EXPERIMENTAL EXAMPLE 1) EXPERIMENT ON THE INHIBITION OF STAT3 AND STAT1 activities via reporter gene assay
[0688] 1-1) Experiment on the Inhibition of STAT3 Activity
[0689] A human prostate cancer cell line (LNCaP stable cell line; plasmid pSTAT3-TA-luc), which contains a stably operating STAT3 promoter, was cultured in RPMI1640 medium (Cat No. 11875, Life Technologies) containing 10% fetal bovine serum (FBS) (Cat No. SH30396, Thermo Scientific) and 150 μg/mL G-418 solution (Cat No. 04 727 894 001, Roche). The reporter gene assay using LNCaP stable cell line was performed in RPMI1640 medium containing 3% DCC-FBS without G-418 solution. LNCaP stable cells were plated in two (2) white 96-well plates with 30,000 cells/50 μL in each well. The cells were cultured at 37° C., under 5% CO.sub.2 for 24 hours, and then treated with the compounds listed in Examples which were diluted in various concentrations. Subsequently, IL-6 was added to each well with a final concentration of 10 ng/mL. Upon completion of the treatment with the compounds and IL-6, the cells were cultured at 37° C., under 5% CO.sub.2 for 24 hours. The plates were observed under microscope and drug precipitation and particular findings were investigated and recorded.

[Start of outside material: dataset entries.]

Let mem0E : 0 \in E. Proof. by case: subfieldE. Qed.
Let mem1E : 1 \in E. Proof. by case: subfieldE => _ []. Qed.
Let memDE x y : x \in E -> y \in E -> x + y \in E.
Proof. by case: subfieldE => _ [_ [+ _]]; apply. Qed.
Let memME x y : x \in E -> y \in E -> x * y \in E.
Proof. by case: subfieldE => _ [_ [_ [_ [+ _]]]]; apply. Qed.
Let memE_sum (I : Type) (r : seq I) (F : I -> CC) :
  (forall i, F i \in E) -> \sum_(i <- r) F i \in E.
Proof. by move=> FE; apply: (big_ind (fun x => x \in E)) => // *; apply: memDE. Qed.
Let memE_nat n : n%:R \in E.
Proof. by rewrite -[n]card_ord -sumr_const; apply: memE_sum. Qed.

Lemma zero_one_scheme i : zero_one_mx (A i).
Proof. by case: schemeA => + _; apply. Qed.

Lemma scheme_memE i x y : A i x y \in E.
Proof. by case: (zero_one_scheme i x y) => ->. Qed.

Lemma sum_scheme x y : \sum_i A i x y = 1.
Proof.
by case: schemeA => _ [_ [/(congr1 (fun M : 'M[CC]_v => M x y)) + _]]; rewrite summxE mxE.
Qed.

Lemma span_in_lin a M N : a \in E -> W M -> W N -> W (a *: M + N).
Proof.
move=> aE [c [cE ->]] [c' [c'E ->]]; exists (fun i => a * c i + c' i); split.
  by move=> i; apply: memDE => //; apply: memME.
by rewrite scaler_sumr -big_split; apply: eq_bigr => i _; rewrite scalerA scalerDl.
Qed.

Lemma span_in0 : W 0.
Proof. by exists (fun _ => 0); split=> //; rewrite big1 // => i _; rewrite scale0r. Qed.

Lemma span_inZ a M : a \in E -> W M -> W (a *: M).
Proof.
by move=> aE WM; rewrite -[_ *: _]addr0; apply: span_in_lin => //; apply: span_in0.
Qed.

Lemma span_in_sum (I : Type) (r : seq I) (F : I -> 'M_v) :
  (forall i, W (F i)) -> W (\sum_(i <- r) F i).
Proof.
move=> WF; apply: (big_ind W) => //; first exact: span_in0.
by move=> M N WM WN; rewrite -[M]scale1r; apply: span_in_lin.
Qed.

Lemma span_in_scheme i : W (A i).
Proof.
exists (fun k => (k == i)%:R); split=> [k | ]; first by case: (k == i).
rewrite (bigD1 i) //= eqxx scale1r big1 ?addr0 // => k /negbTE ->; by rewrite scale0r.
Qed.

Lemma span_in_const1 : W J.
Proof. by case: schemeA => _ [_ [<- _]]; apply: span_in_sum span_in_scheme. Qed.

Lemma span_in1 : W 1%:M.
Proof. by case: schemeA => _ [<- _]; apply: span_in_scheme. Qed.

Lemma span_in_trmx_scheme i : W (A i)^T.
Proof. by case: schemeA => _ [_ [_ [/(_ i) [j ->] _]]]; apply: span_in_scheme. Qed.

(* The [A k] have disjoint supports, so the complex coefficient of [A k] in [M]
   is an entry of [M]. *)
Lemma span_in_of_Cspan (M : 'M[CC]_v) :
  (forall x y, M x y \in E) -> Cspan A M -> W M.
Proof.
move=> ME [c [_ defM]].
pose c' k := if [pick p | A k p.1 p.2 == 1] is Some p then M p.1 p.2 else 0.
exists c'; split=> [k | ]; first by rewrite /c'; case: pickP.
rewrite {1}defM; apply: eq_bigr => k _; rewrite /c'.
case: pickP => [[x y] /= /eqP Akxy | A_neq1].
  rewrite defM summxE (bigD1 k) //= mxE Akxy mulr1 big1 ?addr0 // => l l_neq_k.
  have := zero_one_sum1 (fun j => zero_one_scheme j x y) (sum_scheme x y) Akxy l_neq_k.
  by rewrite mxE => ->; rewrite mulr0.
suff -> : A k = 0 by rewrite !scaler0.
apply/matrixP => x y; rewrite mxE.
by case: (zero_one_scheme k x y) (A_neq1 (x, y)) => ->; rewrite ?eqxx.
Qed.

Lemma span_in_mulmx_scheme i j : W (A i *m A j).
Proof.
case: schemeA => _ [_ [_ [_ [_ /(_ i j) Cspan_ij]]]]; apply: span_in_of_Cspan Cspan_ij.
by move=> x y; rewrite mxE; apply: memE_sum => z; apply: memME; apply: scheme_memE.
Qed.

Lemma span_in_mulmx_const1 i : W (A i *m J).
Proof.
case: schemeA => _ [_ [<- _]]; rewrite mulmx_sumr.
by apply: span_in_sum => j; apply: span_in_mulmx_scheme.
Qed.

Section SchemeHom.
Variable psi : 'M[CC]_v -> 'M[CC]_v.
Hypothesis psi_linear : forall (a : CC) M N, a \in E -> W M -> W N ->
  psi (a *: M + N) = a *: psi M + psi N.
Hypothesis psi_neq0 : exists M, W M /\ psi M != 0.
Hypothesis psiM : forall M N, W M -> W N -> psi (M *m N) = psi M *m psi N.
Hypothesis psi_schur :
  forall M N, W M -> W N -> psi (schur M N) = schur (psi M) (psi N).

Lemma psi0 : psi 0 = 0.
Proof.
have := psi_linear mem1E span_in0 span_in0.
by rewrite !scale1r addr0 -{1}[psi 0]addr0 => /addrI <-.
Qed.

Lemma psiZ a M : a \in E -> W M -> psi (a *: M) = a *: psi M.
Proof. by move=> aE WM; have := psi_linear aE WM span_in0; rewrite !addr0 psi0 addr0. Qed.

Lemma psi_lincomb (I : Type) (r : seq I) (c : I -> CC) (B : I -> 'M_v) :
    (forall i, c i \in E) -> (forall i, W (B i)) ->
  psi (\sum_(i <- r) c i *: B i) = \sum_(i <- r) c i *: psi (B i).
Proof.
move=> cE WB; elim: r => [|i r IHr]; first by rewrite !big_nil psi0.
rewrite !big_cons psi_linear ?IHr //.
by apply: span_in_sum => j; apply: span_inZ.
Qed.

Lemma zero_one_psi M : W M -> schur M M = M -> zero_one_mx (psi M).
Proof. by move=> WM MM x y; apply: zero_one_idem; rewrite -{3}MM psi_schur // mxE. Qed.

Lemma psi_const1 : psi J = J.
Proof.
have WJ := span_in_const1.
apply: zero_one_mx_sqr_scale.
- exact: zero_one_psi WJ (schur_zero_one_idem (@zero_one_const1 v)).
- by rewrite -psiM // (mulmx_const1 v) psiZ.
have [M [WM]] := psi_neq0; apply: contraNneq => psiJ0.
rewrite -(schur_const1l M) psi_schur // psiJ0.
by apply/eqP/matrixP => x y; rewrite !mxE mul0r.
Qed.

Lemma psi1 : psi 1%:M = 1%:M.
Proof.
move: span_in1 span_in_const1 => W1 WJ.
apply: zero_one_mx_idem_stochastic.
- exact: zero_one_psi W1 (schur_zero_one_idem (@zero_one_mx1 v)).
- by rewrite -psiM // mul1mx.
- by rewrite -psi_const1 -psiM // mul1mx.
by rewrite -psi_const1 -psiM // mulmx1.
Qed.

Lemma zero_one_psi_scheme i : zero_one_mx (psi (A i)).
Proof.
exact: zero_one_psi (span_in_scheme i) (schur_zero_one_idem (zero_one_scheme i)).
Qed.

Lemma psi_trmx_scheme i : psi (A i)^T = (psi (A i))^T.
Proof.
have diag k l : (A k)^T = A l ->
    forall x, (psi (A k) *m psi (A l)) x x = (psi (A k) *m J) x x.
  move=> Akl x; have := congr1 psi (schur_mulmx_trmx1 (zero_one_scheme k)).
  move: (span_in1) (span_in_const1) (span_in_scheme k) (span_in_scheme l) => W1 WJ WAk WAl.
  move: (span_in_mulmx_scheme k l) (span_in_mulmx_const1 k) => WAkl WAkJ.
  rewrite Akl !psi_schur // !psiM // psi1 psi_const1.
  by move/(congr1 (fun M : 'M[CC]_v => M x x)); rewrite !mxE eqxx !mulr1.
case: schemeA => _ [_ [_ [/(_ i) [j Aij] _]]].
have Aji : (A j)^T = A i by rewrite -Aij trmxK.
rewrite Aij; apply: zero_one_mx_trmx (diag _ _ Aij) (diag _ _ Aji);
  exact: zero_one_psi_scheme.
Qed.

Lemma psi_trmx M : W M -> psi M^T = (psi M)^T.
Proof.
have trmx_lincomb (c : 'I_d.+1 -> CC) (B : 'I_d.+1 -> 'M_v) :
    (\sum_i c i *: B i)^T = \sum_i c i *: (B i)^T.
  by rewrite linear_sum; apply: eq_bigr => i _; rewrite linearZ.
move=> [c [cE ->]]; rewrite (psi_lincomb _ cE span_in_scheme) !trmx_lincomb.
rewrite (psi_lincomb _ cE span_in_trmx_scheme).
by apply: eq_bigr => i _; rewrite psi_trmx_scheme.
Qed.

Hypothesis conjE : forall x, x \in E -> x^* \in E.

Lemma psi_ctrmx M : W M -> psi (ctrmx M) = ctrmx (psi M).
Proof.
move=> [c [cE ->]]; have cE' i : (c i)^* \in E by apply: conjE.
rewrite (psi_lincomb _ cE span_in_scheme) (ctrmx_lincomb_zero_one _ zero_one_psi_scheme).
rewrite (ctrmx_lincomb_zero_one _ zero_one_scheme) (psi_lincomb _ cE' span_in_trmx_scheme).
by apply: eq_bigr => i _; rewrite psi_trmx_scheme.
Qed.

End SchemeHom.
End SchemeSpan.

[0690] The luciferase assay and the cell viability assay were performed respectively with one of the two plates. For the luciferase assay, the liquid media in the 96-well plate was removed, and then, 20 μL, of passive cell lysis buffer was added to each well. After shaking the plate for 30 minutes, luciferase activities of each well were measured in a PHERAstar™ microplate reader (BMG LABTECH) using a luciferase assay system (Cat No. E1501, Promega). For the cell viability assay, the 96-well plate was placed at room temperature for 30 minutes, added with 20 μL/well of CellTiter-Glo solution (Cat No. G7573, Promega), and shaken for 10 minutes in order to measure cytotoxicity caused by the compounds listed in Examples with a PHERAstar™ microplate reader (BMG LABTECH). Wells without 0.1% DMSO and stimulation were used as a negative control and wells with 0.1% DMSO and stimulation were used as a positive control.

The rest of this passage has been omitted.